Michael Sokolove has produced a feature for the New York Times Magazine on Dick Armey, former House Majority Leader, who is now out of Congress and has become the motive force behind advocacy group FreedomWorks. Armey is, I suppose, a nice enough fellow at a certain level, although his politics are, to say the least, not the same as mine. “Europe is governed by a concern for the well-being of the collective. That’s what they care about. What makes us different is we begin with the liberty of the individual. We got it right, and they got it wrong.” Makes you wonder why we fought the Cold War against the Soviets instead of the EU — or why, for heaven’s sake, we count these people as allies….
Sokolove notes: “For most of his career, Armey drew his salary and health benefits from the public sector, first as a professor at North Texas State University (now the University of North Texas) and then during his nearly two decades in Congress.” These days, like many men, he is disdainful of the medical system and rarely visits a doctor. “I’ve been very fortunate, very healthy,” he says.

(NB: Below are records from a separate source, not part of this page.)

(* If $G$ is a connected cubic graph with $n$ vertices, then $rc(L^2(G))\leq n+1$.
   Context: All graphs are simple, finite and undirected. $L(G)$ is the line graph of $G$ and $L^2(G)=L(L(G))$ is the iterated line graph. For an edge-colouring of a graph (adjacent edges may receive the same colour), a path is rainbow if no two of its edges have the same colour; the graph is rainbow connected if every two vertices are joined by a rainbow path. The rainbow connection number $rc(H)$ of a connected graph $H$ is the smallest number of colours in an edge-colouring making $H$ rainbow connected. *)

From mathcomp Require Import all_boot.
Set Implicit Arguments. Unset Strict Implicit. Unset Printing Implicit Defensive.

Definition simple_graph (T : finType) (e : rel T) : Prop :=
  symmetric e /\ irreflexive e.

Definition connected_graph (T : finType) (e : rel T) : Prop :=
  forall x y : T, connect e x y.

Definition cubic (T : finType) (e : rel T) : Prop :=
  forall x : T, #|[set y | e x y]| = 3.

Definition is_edge (T : finType) (e : rel T) (A : {set T}) : bool :=
  [exists x, exists y, e x y && (A == [set x; y])].

(* Vertex type of the line graph L(G): the edges of G. *)
Definition LV (T : finType) (e : rel T) : finType :=
  {A : {set T} | is_edge e A}.

Definition Ladj (T : finType) (e : rel T) : rel (LV e) :=
  fun A B => (A != B) && ~~ [disjoint val A & val B].

Definition L2V (T : finType) (e : rel T) : finType := @LV (LV e) (@Ladj T e).
Definition L2adj (T : finType) (e : rel T) : rel (L2V e) := @Ladj (LV e) (@Ladj T e).

(* An edge-colouring with (at most) k colours: the colour of edge uv is
   c [set u; v] (values on non-edges are irrelevant). *)
Definition edge_colours (V : finType) (k : nat) (c : {set V} -> 'I_k)
    (x : V) (p : seq V) : seq 'I_k :=
  [seq c [set uv.1; uv.2] | uv <- zip (x :: p) p].

Definition rainbow_path (V : finType) (adj : rel V) (k : nat)
    (c : {set V} -> 'I_k) (x y : V) (p : seq V) : bool :=
  [&& path adj x p, last x p == y, uniq (x :: p) & uniq (edge_colours c x p)].

Definition rainbow_connected (V : finType) (adj : rel V) (k : nat)
    (c : {set V} -> 'I_k) : Prop :=
  forall x y : V, exists p : seq V, rainbow_path adj c x y p.

Definition rc_le (V : finType) (adj : rel V) (k : nat) : Prop :=
  exists c : {set V} -> 'I_k, rainbow_connected adj c.

From mathcomp Require Import all_boot.
Set Implicit Arguments. Unset Strict Implicit. Unset Printing Implicit Defensive.

(* A vertex of L^2(G) is a pair of adjacent edges of G; call their common vertex
   its center. When G has maximum degree 3, the vertices of L^2(G) with a given
   center are pairwise adjacent. Fix a spanning tree of G and colour an edge of
   L^2(G) by the edge s of G shared by its ends: the colour of its child endpoint
   if s is a tree edge, one of two spare colours otherwise, for n + 1 colours in
   all. A tree path v_0 ... v_k lifts to a rainbow path of L^2(G) through the
   vertices {v_(i-1) v_i, v_i v_(i+1)}. A vertex centred at v_0 enters this path
   in one step, coloured by another tree edge at v_0 or by the first spare colour,
   and the path is left in one step towards a vertex centred at v_k, coloured by
   another tree edge at v_k or by the second spare colour. The two non-tree edges
   at a vertex always receive different spare colours, so the needed spare colour
   is available whenever no other tree edge is. *)

Lemma set2_eq (U : finType) (x y v w : U) :
  x != y -> v != w -> v \in [set x; y] -> w \in [set x; y] ->
  [set x; y] = [set v; w].
Proof.
move=> xy vw vxy wxy; apply/eqP; rewrite eq_sym eqEcard !cards2 xy vw leqnn andbT.
by apply/subsetP => z; rewrite in_set2 => /orP[]/eqP->.
Qed.

Lemma map_uniq_inj_in (A B : eqType) (f : A -> B) (s : seq A) :
  uniq (map f s) -> {in s &, injective f}.
Proof.
elim: s => [//|z s IHs] /= /andP[fz_s /IHs inj_s] x y.
rewrite !inE => /predU1P[->|xs] /predU1P[->|ys] // fxy.
- by move: fz_s; rewrite fxy map_f.
- by move: fz_s; rewrite -fxy map_f.
- exact: inj_s.
Qed.

Lemma infix2_head (A : eqType) (x y a b : A) (q : seq A) :
  uniq (x :: y :: q) -> infix [:: a; b] (x :: y :: q) -> x \in [:: a; b] ->
  a = x /\ b = y.
Proof.
move=> uxq /infixP[[|z s0] [s1 /= []]] => [-> -> _ //|_ def_yq].
case/andP: uxq; rewrite def_yq mem_cat !inE.
by case/norP=> _ /norP[/negPf-> /norP[/negPf-> _]].
Qed.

Armey advocates “public-choice theory,” although I would have to question whether he comprehends what I would consider to be the morally corrosive aspects of this school of thought. Sokolove attempts to challenge him over what would happen were he to apply the theory to his own activities. “If politicians primarily serve their own interests, shouldn’t I assume his positions are determined by whatever he stands to gain?”
Replied Armey: “‘My highest secular value is liberty and freedom,’ he said. So as he sees it, even when he is speaking up for himself, he is working for the common good.”
I would say that he doesn’t realize that public-choice theory, strictly applied, would not allow you to appeal to the common good — because it would hold that there is no such thing. It’s just a piece of rhetoric that politicians employ for the sake of self-aggrandizement. Or, as people might say nowadays, “the common good” is just a lot of BS….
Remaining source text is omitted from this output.